Asunción: Die Nationalpolizei informierte heute Morgen darüber, dass seit dem vergangenen Donnerstag 33 Tote registriert wurden. Dieses Jahr allerdings gibt es mehr Mord- als Verkehrsopfer. Im vergangenen Jahr starben 36 Personen, wovon 17 bei Unfällen auf nationalen Straßen ihr Leben ließen.

Der diesjährige Polizeireport spricht von 10 Unfall- und 11 Mordopfern. Weitere Gründe für frühzeitiges Ableben waren sechs Selbstmorde, vier Ertrunkene sowie zwei Unfälle deren Hergang noch nicht ganz aufgeklärt ist.
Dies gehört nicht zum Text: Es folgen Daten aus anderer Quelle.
Theorem mainTheorem3 (R : realType) (n : nat) (lam eps : R) (T : nat)
    (A : alg R (sq_query (2 ^ (2 * n))) (sq_ans R (2 ^ (2 * n))) (lbl n))
    (xt : omega n -> 'cV[R]_(2 ^ (2 * n))) :
  (1 <= n)%N ->
  (forall w : omega n, good w -> \rank (Mmat lam w) = (2 ^ (2 * n))%N) ->
  0 < eps ->
  valid_alg A ->
  (forall w : omega n, good w ->
     qbound A (sq_oracle (Mmat lam w) (e1 R n)) (@is_M_query _) T) ->
  (forall w : omega n, good w ->
     vnorm (xt w - invmx (Mmat lam w) *m e1 R n)
       <= eps * vnorm (invmx (Mmat lam w) *m e1 R n)) ->
  (forall w : omega n, good w -> forall i : lbl n,
     out_prob A (Mmat lam w) (e1 R n) i = xt w i 0 ^+ 2 / vnorm (xt w) ^+ 2) ->
  exists B : alg R (lbl n) (option {set lbl n}) unit,
    [/\ valid_alg B,
        (forall w : omega n, good w -> qbound B (game_oracle R w) (fun _ => true) T.+1) &
        win_prob B >= avg (fun w => xt w (istar w) 0 ^+ 2 / vnorm (xt w) ^+ 2)
                       - 2 * T%:R / (2 ^ (2 * n))%:R].
Proof.
move=> n_ge1 _ _ A_valid A_bound _ A_out.
exists (simulate lam A); split.
- exact: valid_simulate.
- by move=> w w_good; apply: qbound_simulate (A_bound w w_good).
- apply: (@le_trans _ _ (avg (fun w => xt w (istar w) 0 ^+ 2 / vnorm (xt w) ^+ 2))).
    by rewrite gerBl divr_ge0 ?mulr_ge0 ?ler0n.
  by apply: ler_avg => w w_good; rewrite -A_out //; apply: expect_simulate.
Qed.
Dazu kommen 78 Festnahmen von gesuchten Straftätern durch die Gesetzeshüter.

Rückreisewelle „Ostern“

Die Hauptstadt ist zu Ostern wie leergefegt. So ziemlich alle Einwohner, die ein Auto besitzen fuhren über Ostern ihre Familien im Landesinneren besuchen. Da Montag hierzulande kein Feiertag ist war am gestrigen Sonntag eine Rückreisewelle auf den Straßen zu sehen, die wie selbst auf der Ruta 1 erlebt, kein Ende nahm. Auto an Auto in langsamem Tempo schob sich die Reihe von früh morgens bis spät abends nach Asunción.

Die Straßenpolizei war erwartungsgemäß an allen Ein- und Ausfahrtstraßen präsent und schaffte es immerhin 150 betrunkene Fahrer aus der Blechlawine zu ziehen. Über 2.000 Fahrer mussten während der Osterfeiertage Strafen für Verkehrsverstöße entrichten, darunter auch die Abgeordnete Blanca Duarte Frutos, Schwester des Ex-Präsidenten Nicanor Duarte, die unerlaubt überholte. Auf km 161 der Ruta 1 ließ sie sich bei Doppellinie mit ihrem Nissan Patrol samt Parlamentarierkennzeichen erwischen.